Implied assumptions section

Fig 5: Implied assumptions.

Sensitivity analysis

We let the agent run two-variable sensitivity tests, returning a matrix that shows how value changes as assumptions move. This gives the agent — and the user — much better intuition for the fragility and range of outcomes around any particular point estimate.

Sensitivity analysis matrix

Fig 6: Sensitivity analysis.

UX: Designing for Both Agents and Humans

A system that only the agent can use isn't useful. A system that only the user can use defeats the point. We designed every piece to serve both.

Explanations. Every input and assumption carries a rationale, written for the user. Rationales are both qualitative and quantitative — the user can see why a value was chosen and how it was calculated.

Updates. Any model update from the agent must include a rationale. We persist updates as JSON diffs, which are directly human-readable, so users can see exactly what changed at each step. The full update history is saved with timestamps and the originating task_id, so it's always clear how the model evolved and which dispatched task drove each change.

Model update history

Fig 7: Model update history.

User modification. The user always retains the right to modify and persist values, inputs, and assumptions. The model is theirs, not the agent's.

Symmetric endpoints. The same endpoints we built for the agent are exposed to the user. They can run the valuation directly, reverse-engineer the current price, or run their own sensitivity analyses — without going through the agent at all.

Visualization. Numbers in a table tell you what the model says; charts tell you what it means. A scenario-weighted valuation is hard to feel from a column of intrinsic values, and a ten-year forecast is hard to interrogate without seeing how the drivers move year by year. So alongside the numeric outputs, we render the model in three complementary views: a scenario-vs-market valuation chart that places each scenario next to the current price, a waterfall that decomposes intrinsic value into the contributions of explicit-period cash flows and terminal value, and a year-by-year detail view that surfaces the trajectory of revenue, margins, and free cash flow underneath the headline number.
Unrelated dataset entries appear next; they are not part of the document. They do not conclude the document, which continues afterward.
Lemma vertex_copy_symmetry s t : automorphism s t -> symmetry vertex_copy s.
Proof.
move=> st; have [s' [t' [st' sK _]]] := automorphism_inv st.
split=> [|l]; first by case: st.
split; last exact: vertex_copy_map st.
by move/(vertex_copy_map st'); rewrite -map_comp (eq_map sK) map_id.
Qed.

Lemma edge_copy_symmetry s t : automorphism s t -> symmetry edge_copy t.
Proof.
move=> st; have [s' [t' [st' _ tK]]] := automorphism_inv st.
split=> [|l]; first by case: st => _ [].
split; last exact: edge_copy_map st.
by move/(edge_copy_map st'); rewrite -map_comp (eq_map tK) map_id.
Qed.

Lemma vhits_hitting X : vhits Ks X -> hitting vertex_copy X.
Proof.
move=> hX l [_ [VS [ES [[K inK [sub iso]] VSl]]]].
by have [v [VSv Xv]] := hX K VS ES inK sub iso; exists v; [apply/VSl | apply/InP].
Qed.

Lemma ehits_hitting X : ehits Ks X -> hitting edge_copy X.
Proof.
move=> hX l [_ [VS [ES [[K inK [sub iso]] ESl]]]].
by have [e [ESe Xe]] := hX K VS ES inK sub iso; exists e; [apply/ESl | apply/InP].
Qed.

Lemma hitting_vhits Y : hitting vertex_copy Y -> vhits Ks Y.
Proof.
move=> hY K VS ES inK sub iso; have cp : copy VS ES by exists K.
have [l [ul _ VSl]] := copy_vertex_seq cp.
have [|v vl vY] := hY l; first by split=> //; exists VS, ES.
by exists v; split; [apply/VSl | apply/(@InP {classic gV G})].
Qed.

Lemma hitting_ehits Y : hitting edge_copy Y -> ehits Ks Y.
Proof.
move=> hY K VS ES inK sub iso; have cp : copy VS ES by exists K.
have [l [ul _ ESl]] := copy_edge_seq cp.
have [|e el eY] := hY l; first by split=> //; exists VS, ES.
by exists e; split; [apply/ESl | apply/(@InP {classic gE G})].
Qed.

End Copies.

Theorem mainTheorem3 (G : graph) (Ks : list fin_graph) :
  (forall X : list (gV G), List.NoDup X -> vhits Ks X ->
     exists Y : list (gV G), List.NoDup Y /\ vinvariant Y /\ vhits Ks Y /\
       (size Y <= size X * \max_(K <- Ks) #|fV K|)%N)
  /\
  (forall X : list (gE G), List.NoDup X -> ehits Ks X ->
     exists Y : list (gE G), List.NoDup Y /\ einvariant Y /\ ehits Ks Y /\
       (size Y <= size X * \max_(K <- Ks) #|fE K|)%N).
Proof.
split=> X _ hitX.
- have [Y [uY symY hitY szY]] :=
    invariant_hitting (@vertex_copy_size G Ks) (vhits_hitting hitX).
  exists Y; split; first exact: (@uniq_NoDup {classic gV G} _ uY).
  split; last by split; [exact: hitting_vhits hitY | exact: szY].
  move=> s t st; apply: (@In_invariant {classic gV G}).
  by apply: symY; apply: vertex_copy_symmetry st.
- have [Y [uY symY hitY szY]] :=
    invariant_hitting (@edge_copy_size G Ks) (ehits_hitting hitX).
  exists Y; split; first exact: (@uniq_NoDup {classic gE G} _ uY).
  split; last by split; [exact: hitting_ehits hitY | exact: szY].
  move=> s t st; apply: (@In_invariant {classic gE G}).
  by apply: symY; apply: edge_copy_symmetry st.
Qed.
The agent gets the same views the user does, which means both sides are reasoning over the same picture.

Scenario valuation chart vs current price

Fig 8: Scenario valuations against the current price for NVDA.

Valuation waterfall decomposition

Fig 9: Valuation waterfall — explicit cash flows vs. terminal value for NVDA.
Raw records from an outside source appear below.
(* Let $r\ge 1$ and $K\ge1$ be integers, $\beta_1,\beta_2>0$ and $\theta_1,\theta_2>0$. Let $\zeta=(1,0,0)$, $\eta=(0,0,1)$, $v=(0,0,1)$, $v'=(0,1,0)$, and for $i=1,\dots,r$ let $k_i=2^{i-1}K\zeta\in\mathbb{Z}^3$ and $k_i'=k_i+\eta$. Define the vector fields on $\mathbb{R}^3$ \[ u_0(x)=r^{-\beta_1}\sum_{i=1}^r|k_i|^{\theta_1}v\cos(k_i\cdot x),\qquad b_0(x)=r^{-\beta_2}\sum_{i=1}^r|k_i'|^{\theta_2}v'\cos(k_i'\cdot x). \] Then \[ \|u_0\|_{\dot B^{-\theta_1}_{\infty,\infty}}\lesssim r^{-\beta_1},\qquad \|b_0\|_{\dot B^{-\theta_2}_{\infty,\infty}}\lesssim r^{-\beta_2}, \] with implicit constants independent of $r$ and $K$.
   Context: For $s>0$, $\|f\|_{\dot B^{-s}_{\infty,\infty}}=\sup_{t>0}t^{\frac{s}{2\alpha}}\|e^{-t(-\Delta)^{\alpha}}f\|_{L^\infty}$ for a fixed $\alpha>0$ (different $\alpha$ give equivalent norms), where $e^{-t(-\Delta)^\alpha}$ is the fractional heat semigroup (Fourier multiplier $e^{-t|\xi|^{2\alpha}}$). *)

From HB Require Import structures.
From mathcomp Require Import all_boot all_order all_algebra.
From mathcomp Require Import all_classical all_reals all_analysis.
Set Implicit Arguments. Unset Strict Implicit. Unset Printing Implicit Defensive.
Import Order.TTheory GRing.Theory Num.Theory.
Local Open Scope ring_scope.
Local Open Scope classical_set_scope.

Section Defs.
Variable R : realType.

Definition vec3 := 'rV[R]_3.

Definition evec (j : nat) : vec3 := \row_(l < 3) ((val l == j)%:R).

Definition dot3 (k x : vec3) : R := \sum_(i < 3) k 0 i * x 0 i.

Definition enorm3 (k : vec3) : R := Num.sqrt (\sum_(i < 3) k 0 i ^+ 2).

Definition trig_field (s : seq (vec3 * vec3)) (x : vec3) : vec3 :=
  \sum_(p <- s) (cos (dot3 p.2 x) *: p.1).

(* fractional heat semigroup e^{-t(-Delta)^alpha}: Fourier multiplier
   e^{-t|xi|^{2 alpha}}, acting on cos(k.x) by multiplication by
   e^{-t|k|^{2 alpha}} *)
Definition frac_heat (alpha t : R) (s : seq (vec3 * vec3)) :=
  [seq (expR (- (t * enorm3 p.2 `^ (2 * alpha))) *: p.1, p.2) | p <- s].

Definition Linf_norm (s : seq (vec3 * vec3)) : \bar R :=
  ereal_sup [set (enorm3 (trig_field s x))%:E | x in [set: vec3]].

(* ||f||_{\dot B^{-s}_{oo,oo}} = sup_{t>0} t^{s/(2 alpha)} ||e^{-t(-Delta)^alpha} f||_oo *)
Definition besov_neg_norm (alpha s : R) (f : seq (vec3 * vec3)) : \bar R :=
  ereal_sup [set ((t `^ (s / (2 * alpha)))%:E * Linf_norm (frac_heat alpha t f))%E
            | t in [set t : R | 0 < t]].

Definition zeta : vec3 := evec 0.
Definition eta_ : vec3 := evec 2.
Definition vv : vec3 := evec 2.
Definition vv' : vec3 := evec 1.

Definition kfreq (K i : nat) : vec3 := (2 ^ i.-1 * K)%:R *: zeta.
Definition kfreq' (K i : nat) : vec3 := kfreq K i + eta_.

Definition u0 (r K : nat) (beta theta : R) : seq (vec3 * vec3) :=
  [seq (((r%:R) `^ (- beta) * enorm3 (kfreq K i) `^ theta) *: vv, kfreq K i)
  | i <- iota 1 r].

Definition b0 (r K : nat) (beta theta : R) : seq (vec3 * vec3) :=
  [seq (((r%:R) `^ (- beta) * enorm3 (kfreq' K i) `^ theta) *: vv', kfreq' K i)
  | i <- iota 1 r].

End Defs.

From HB Require Import structures.
From mathcomp Require Import all_boot all_order all_algebra.
From mathcomp Require Import all_classical all_reals all_analysis.
From mathcomp Require Import ring lra.
Import Order.TTheory GRing.Theory Num.Theory.
Set Implicit Arguments. Unset Strict Implicit. Unset Printing Implicit Defensive.
Local Open Scope ring_scope.

(* Both fields point in a fixed coordinate direction, so the heat semigroup
   only damps the amplitudes and
     t^c ||e^{-t(-Delta)^alpha} f||_oo <= r^{-beta} sum_i s_i^c e^{-s_i},
   with c = theta / (2 alpha) and s_i = t |k_i|^{2 alpha}.  Since
   s^c e^{-s} <= M min(s^c, s^{-c}) and the s_i^c grow geometrically (the
   |k_i|^2 at least double), the sum is bounded by a geometric series on
   each side of 1, uniformly in t, r and K. *)

Section LacunarySums.
Variable R : realType.

Definition lacunary (m : nat -> R) :=
  forall i, (1 <= i)%N -> 0 < m i /\ 2 * m i ^+ 2 <= m i.+1 ^+ 2.

Definition tent (x : R) : R := if x <= 1 then x else x^-1.

(* A bounded nondecreasing function whose increments dominate [tent]: this
   lets a lacunary sum of [tent] telescope. *)
Definition tent_potential (x : R) : R := if x <= 1 then x else 2 - x^-1.

Lemma tent_potential_le (x y : R) :
  0 < x -> x <= y -> tent_potential x <= tent_potential y.
Proof.
move=> x0 xy; have y0 : 0 < y by apply: lt_le_trans xy.
rewrite /tent_potential; case: ifP => hx; case: ifP => hy //.
- have : y^-1 < 1 by rewrite invf_lt1 // ltNge hy.
  lra.
- have x1 : 1 < x by rewrite ltNge hx.
  have := lt_le_trans x1 xy; lra.
- by rewrite lerD2l lerN2 lef_pV2 ?posrE.
Qed.

Lemma tent_potential_ge0 (x : R) : 0 < x -> 0 <= tent_potential x.
Proof.
move=> x0; rewrite /tent_potential; case: ifP => hx; first exact: ltW.
have : x^-1 < 1 by rewrite invf_lt1 // ltNge hx.
lra.
Qed.

Lemma tent_potential_le2 (x : R) : 0 < x -> tent_potential x <= 2.
Proof.
move=> x0; rewrite /tent_potential; case: ifP => hx; first lra.
by rewrite gerBl invr_ge0 ltW.
Qed.

Lemma tent_le_potential_increment (rho x y : R) : 1 < rho -> 0 < x -> rho * x <= y ->
  tent x <= rho / (rho - 1) * (tent_potential y - tent_potential x).
Proof.
move=> r1 x0 xy.
have r0 : 0 < rho by lra.
have rx0 : 0 < rho * x by exact: mulr_gt0.
apply: (@le_trans _ _ (rho / (rho - 1) * (tent_potential (rho * x) - tent_potential x))).
  rewrite /tent_potential /tent.
  case: (lerP (rho * x) 1) => hrx.
    have -> : x <= 1 by nra.
    have -> : rho / (rho - 1) * (rho * x - x) = rho * x.
      by field; rewrite subr_eq0 gt_eqF.
    by rewrite ler_peMl // ltW.
  case: (lerP x 1) => hx.
    have -> : 2 - (rho * x)^-1 - x
        = (rho - 1) / rho + (rho * x - 1) * (1 - x) / (rho * x).
      by field; rewrite ?gt_eqF.
    rewrite mulrDr.
    have -> : rho / (rho - 1) * ((rho - 1) / rho) = 1 by field; rewrite ?gt_eqF //; lra.
    suff : 0 <= rho / (rho - 1) * ((rho * x - 1) * (1 - x) / (rho * x)) by lra.
    by rewrite mulr_ge0 ?divr_ge0 ?mulr_ge0 //; lra.
  have -> : rho / (rho - 1) * (2 - (rho * x)^-1 - (2 - x^-1)) = x^-1.
    by field; rewrite ?gt_eqF //; lra.
  by [].
apply: ler_wpM2l; first by rewrite divr_ge0 //; lra.
by rewrite lerD2r tent_potential_le.
Qed.

Lemma sum_tent_lacunary_le (rho : R) (x : nat -> R) (a n : nat) : 1 < rho ->
  (forall i, (a <= i)%N -> 0 < x i /\ rho * x i <= x i.+1) ->
  \sum_(i <- iota a n) tent (x i) <= 2 * (rho / (rho - 1)).
Proof.
move=> r1 Hx.
have telescope : forall b m, (a <= b)%N -> \sum_(i <- iota b m) tent (x i)
    <= rho / (rho - 1) * (tent_potential (x (b + m)%N) - tent_potential (x b)).
  move=> b m; elim: m b => [|m IH] b hb; first by rewrite big_nil addn0 subrr mulr0.
  have [x0 xs] := Hx b hb.
  rewrite /= big_cons -addSnnS.
  have -> : tent_potential (x (b.+1 + m)%N) - tent_potential (x b) =
      (tent_potential (x b.+1) - tent_potential (x b))
      + (tent_potential (x (b.+1 + m)%N) - tent_potential (x b.+1)) by ring.
  by rewrite mulrDr lerD // ?tent_le_potential_increment // IH // ltnW.
have rho0 : 0 <= rho / (rho - 1) by rewrite divr_ge0 //; lra.
apply: le_trans (telescope a n (leqnn a)) _.
rewrite mulrC ler_wpM2r //.
have := tent_potential_le2 (Hx _ (leq_addr n a)).1.
have := tent_potential_ge0 (Hx _ (leqnn a)).1.
lra.
Qed.

Lemma powR_le_expR (a s : R) : 0 <= a -> 0 < s ->
  s `^ a <= 1 + (Num.truncn a).+1`!%:R * expR s.
Proof.
move=> a0 s0; set N := Num.truncn a.
have f0 : 0 <= (N.+1)`!%:R :> R by rewrite ler0n.
case: (lerP s 1) => hs.
  apply: (@le_trans _ _ 1); last by rewrite lerDl mulr_ge0 ?expR_ge0.
  by rewrite -(powRr0 s) ger_powR // s0 hs.
apply: (@le_trans _ _ (s ^+ N.+1)).
  rewrite -powR_mulrn ?ler_powR ?(ltW s0) ?(ltW hs) //.
  exact: ltW (truncnS_gt a).
have : s ^+ N.+1 / (N.+1)`!%:R <= expR s.
  by apply: le_trans (expR_ge1Dxn N (ltW s0)); rewrite lerDr.
rewrite ler_pdivrMr ?ltr0n ?fact_gt0 // => h.
by apply: le_trans h _; rewrite mulrC lerDr.
Qed.

Lemma powR_expR_le_tent (c : R) : 0 < c ->
  exists M : R, 0 < M /\ forall s, 0 < s -> s `^ c * expR (- s) <= M * tent (s `^ c).
Proof.
move=> c0; set F := (Num.truncn (c + c)).+1`!%:R : R.
have F0 : 0 <= F by rewrite ler0n.
exists (1 + F); split; first lra.
move=> s s0.
have sc0 : 0 < s `^ c by apply: powR_gt0.
have e1 : expR (- s) <= 1 by rewrite -expR0 ler_expR; lra.
rewrite /tent; case: ifP => hsc.
  by rewrite mulrC ler_pM2r // (le_trans e1) // lerDl.
rewrite ler_pdivlMr // mulrAC -powRD ?(gt_eqF s0) ?implybT // mulrC.
have es : expR (- s) * expR s = 1 by rewrite -expRD addNr expR0.
apply: (@le_trans _ _ (expR (- s) * (1 + F * expR s))).
  by rewrite ler_wpM2l ?expR_ge0 ?powR_le_expR //; lra.
by rewrite mulrDr mulr1 mulrCA es mulr1 lerD2r.
Qed.

Lemma lacunary_scaled_powR (alpha c t m m' : R) :
  0 < alpha -> 0 <= c -> 0 < t -> 0 < m -> 0 < m' -> 2 * m ^+ 2 <= m' ^+ 2 ->
  2 `^ (alpha * c) * (t * m `^ (2 * alpha)) `^ c <= (t * m' `^ (2 * alpha)) `^ c.
Proof.
move=> a0 c0 t0 m0 m'0 mm'.
have sqr_powR y : 0 <= y -> y `^ (2 * alpha) = (y ^+ 2) `^ alpha.
  by move=> y0; rewrite powRrM (powR_mulrn 2 y0).
have step : 2 `^ alpha * (t * m `^ (2 * alpha)) <= t * m' `^ (2 * alpha).
  rewrite mulrCA ler_pM2l // !sqr_powR ?(ltW m0) ?(ltW m'0) // -powRM ?sqr_ge0 //.
  by apply: ge0_ler_powR; rewrite ?nnegrE ?mulr_ge0 ?sqr_ge0 // ltW.
have s0 : 0 <= t * m `^ (2 * alpha) by rewrite mulr_ge0 ?powR_ge0 ?(ltW t0).
rewrite powRrM -powRM ?powR_ge0 //.
by apply: ge0_ler_powR; rewrite ?nnegrE ?mulr_ge0 ?powR_ge0 ?(ltW t0).
Qed.

Lemma lacunary_heat_sum_bounded (alpha theta : R) : 0 < alpha -> 0 < theta ->
  exists C : R, 0 < C /\ forall (m : nat -> R) (t : R) (r : nat), 0 < t -> lacunary m ->
    t `^ (theta / (2 * alpha)) *
      \sum_(i <- iota 1 r) expR (- (t * m i `^ (2 * alpha))) * m i `^ theta <= C.
Proof.
move=> a0 th0; set c := theta / (2 * alpha).
have c0 : 0 < c by rewrite divr_gt0 // mulr_gt0.
have [M [M0 HM]] := powR_expR_le_tent c0.
set rho := 2 `^ (alpha * c).
have r1 : 1 < rho.
  have := @gt0_ltr_powR R (alpha * c) (mulr_gt0 a0 c0) 1 2.
  by rewrite powR1 => ->; rewrite ?nnegrE //; lra.
have rho0 : 0 < rho / (rho - 1) by rewrite divr_gt0 ?subr_gt0 ?(lt_trans ltr01).
exists (M * (2 * (rho / (rho - 1)))); split; first by rewrite mulr_gt0 // mulr_gt0.
move=> m t r t0 Hm.
set s := fun i => t * m i `^ (2 * alpha).
have s0 i : (1 <= i)%N -> 0 < s i by move=> hi; rewrite mulr_gt0 ?powR_gt0 ?(Hm i hi).1.
have -> : t `^ c * \sum_(i <- iota 1 r) expR (- s i) * m i `^ theta
    = \sum_(i <- iota 1 r) s i `^ c * expR (- s i).
  rewrite mulr_sumr; apply: eq_bigr => i _.
  rewrite powRM ?powR_ge0 ?(ltW t0) // -powRrM.
  have -> : 2 * alpha * c = theta by rewrite /c; field; rewrite gt_eqF.
  ring.
apply: (@le_trans _ _ (\sum_(i <- iota 1 r) M * tent (s i `^ c))).
  rewrite big_seq [leRHS]big_seq; apply: ler_sum => i.
  by rewrite mem_iota => /andP[hi _]; apply: HM; apply: s0.
rewrite -mulr_sumr ler_wpM2l ?(ltW M0) //.
apply: (sum_tent_lacunary_le (x := fun i => s i `^ c)) => // i hi.
split; first by rewrite powR_gt0 ?s0.
have [mi0 mi2] := Hm i hi.
by apply: lacunary_scaled_powR; rewrite ?(ltW c0) ?(Hm i.+1 (leqW hi)).1.
Qed.

End LacunarySums.

Section SingleDirectionFields.
Variable R : realType.
Implicit Types (g : nat -> R) (k : nat -> vec3 R) (j : nat) (s : seq nat).

Lemma enorm3_scale_evec (a : R) j : (j < 3)%N -> enorm3 (a *: evec R j) = `|a|.
Proof.
move=> hj; rewrite /enorm3 !big_ord_recr big_ord0 /= !mxE /= -sqrtr_sqr.
by congr Num.sqrt; case: j hj => [|[|[|]]] //= _; rewrite !(mulr1, mulr0) expr0n /=; ring.
Qed.

Lemma trig_field_evec g k j s x :
  trig_field [seq (g i *: evec R j, k i) | i <- s] x =
  (\sum_(i <- s) cos (dot3 (k i) x) * g i) *: evec R j.
Proof. by rewrite /trig_field big_map scaler_suml; apply: eq_bigr => i _; rewrite scalerA. Qed.

Lemma frac_heat_evec (alpha t : R) g k j s :
  frac_heat alpha t [seq (g i *: evec R j, k i) | i <- s] =
  [seq ((expR (- (t * enorm3 (k i) `^ (2 * alpha))) * g i) *: evec R j, k i) | i <- s].
Proof. by rewrite /frac_heat -map_comp; apply: eq_map => i /=; rewrite scalerA. Qed.

Lemma Linf_norm_evec_le g k j s : (j < 3)%N ->
  (Linf_norm [seq (g i *: evec R j, k i) | i <- s] <= (\sum_(i <- s) `|g i|)%:E)%E.
Proof.
move=> hj; apply: ge_ereal_sup => _ [x _ <-]; rewrite lee_fin.
rewrite trig_field_evec enorm3_scale_evec //.
apply: le_trans (ler_norm_sum _ _ _) _; apply: ler_sum => i _.
by rewrite normrM ler_piMl // cos_max.
Qed.

Lemma besov_neg_norm_evec_le (alpha theta beta C : R) j k (r : nat) : (j < 3)%N ->
  (forall t, 0 < t -> t `^ (theta / (2 * alpha)) *
     \sum_(i <- iota 1 r) expR (- (t * enorm3 (k i) `^ (2 * alpha))) * enorm3 (k i) `^ theta
     <= C) ->
  (besov_neg_norm alpha theta
     [seq ((r%:R `^ (- beta) * enorm3 (k i) `^ theta) *: evec R j, k i) | i <- iota 1 r]
   <= (C * r%:R `^ (- beta))%:E)%E.
Proof.
move=> hj HC; apply: ge_ereal_sup => _ [t t0 <-] /=.
rewrite frac_heat_evec.
apply: le_trans (lee_wpmul2l _ (Linf_norm_evec_le _ _ _ hj)) _.
  by rewrite lee_fin powR_ge0.
rewrite -EFinM lee_fin.
have -> : \sum_(i <- iota 1 r) `|expR (- (t * enorm3 (k i) `^ (2 * alpha))) *
             (r%:R `^ (- beta) * enorm3 (k i) `^ theta)|
    = r%:R `^ (- beta) * \sum_(i <- iota 1 r)
        expR (- (t * enorm3 (k i) `^ (2 * alpha))) * enorm3 (k i) `^ theta.
  rewrite mulr_sumr; apply: eq_bigr => i _.
  by rewrite ger0_norm ?mulr_ge0 ?powR_ge0 ?expR_ge0 //; ring.
by rewrite mulrCA (mulrC C) ler_wpM2l ?powR_ge0 ?HC.
Qed.

Lemma enorm3_kfreq (K i : nat) : enorm3 (kfreq R K i) = (2 ^ i.-1 * K)%:R.
Proof. by rewrite enorm3_scale_evec // ger0_norm. Qed.

Lemma enorm3_kfreq' (K i : nat) :
  enorm3 (kfreq' R K i) = Num.sqrt ((2 ^ i.-1 * K)%:R ^+ 2 + 1).
Proof. by rewrite /enorm3 !big_ord_recr big_ord0 /= !mxE /=; congr Num.sqrt; ring. Qed.

Lemma kfreq_doubles (K i : nat) : (1 <= i)%N ->
  (2 ^ i.+1.-1 * K)%:R = 2 * (2 ^ i.-1 * K)%:R :> R.
Proof. by case: i => [|i] //= _; rewrite expnS -mulnA natrM. Qed.

Lemma lacunary_kfreq (K : nat) : (1 <= K)%N ->
  lacunary (fun i => enorm3 (kfreq R K i)).
Proof.
move=> K1 i hi; rewrite !enorm3_kfreq (kfreq_doubles K hi).
have : 1 <= (2 ^ i.-1 * K)%:R :> R by rewrite ler1n muln_gt0 expn_gt0.
move: (2 ^ i.-1 * K)%:R => n n1; split; [lra | nra].
Qed.

Lemma lacunary_kfreq' (K : nat) : (1 <= K)%N ->
  lacunary (fun i => enorm3 (kfreq' R K i)).
Proof.
move=> K1 i hi; rewrite !enorm3_kfreq' (kfreq_doubles K hi).
have : 1 <= (2 ^ i.-1 * K)%:R :> R by rewrite ler1n muln_gt0 expn_gt0.
move: (2 ^ i.-1 * K)%:R => n n1.
rewrite !sqr_sqrtr ?addr_ge0 ?sqr_ge0 // sqrtr_gt0; split; nra.
Qed.

End SingleDirectionFields.

Theorem lemma4p2 (R : realType) (alpha beta1 beta2 theta1 theta2 : R) :
  0 < alpha -> 0 < beta1 -> 0 < beta2 -> 0 < theta1 -> 0 < theta2 ->
  exists C : R, 0 < C /\
    forall r K : nat, (1 <= r)%N -> (1 <= K)%N ->
      (besov_neg_norm alpha theta1 (u0 r K beta1 theta1)
         <= (C * (r%:R) `^ (- beta1))%:E)%E /\
      (besov_neg_norm alpha theta2 (b0 r K beta2 theta2)
         <= (C * (r%:R) `^ (- beta2))%:E)%E.
Proof.
move=> a0 _ _ t10 t20.
have [C1 [C1p H1]] := lacunary_heat_sum_bounded a0 t10.
have [C2 [C2p H2]] := lacunary_heat_sum_bounded a0 t20.
exists (C1 + C2); split; first exact: addr_gt0.
move=> r K _ K1; split.
- apply: le_trans (@besov_neg_norm_evec_le R alpha theta1 beta1 C1 2 (kfreq R K) r _ _) _ => //.
    by move=> t t0; apply: H1 => //; apply: lacunary_kfreq.
  by rewrite lee_fin ler_wpM2r ?powR_ge0 // lerDl ltW.
- apply: le_trans (@besov_neg_norm_evec_le R alpha theta2 beta2 C2 1 (kfreq' R K) r _ _) _ => //.
    by move=> t t0; apply: H2 => //; apply: lacunary_kfreq'.
  by rewrite lee_fin ler_wpM2r ?powR_ge0 // lerDr ltW.
Qed.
Year-by-year forecast detail

Fig 10: Year-by-year forecast detail for NVDA.

Challenges

A few things were genuinely hard:

  • Designing a single system that serves both agent and user needs without compromising either.
  • Model-symbol uniqueness and persistence across updates and sessions.
  • Reliability is not something you ship once. Improving it was — and continues to be — an iterative process of evaluation, failure analysis, and prompt and check refinement.

What We Learned

A few takeaways that generalise beyond this project:

Set the agent up for success. Simplicity and fewer moving parts mean less compounding error. Whenever you can pre-compute high-signal context and hand it to the agent rather than expecting it to assemble that context itself, do so. The agent's job should be reasoning, not plumbing.

Deterministic checks punch above their weight. Most failure modes in agentic systems are not exotic — they're the same handful of issues showing up repeatedly. A small set of deterministic checks that flag those issues is often all you need; the agent will frequently fix the problem on its own once it's pointed out.

Review should be mandatory. A separate LLM reviewer, with a prompt that encodes domain knowledge and known failure patterns, has been one of the single highest-leverage additions to our agentic stack. It's cheap to add, easy to iterate on, and catches a remarkable amount.

If you're building agentic systems in domains where correctness matters, we'd encourage you to invest early in these three things — context, deterministic guardrails, and review. The payoff compounds.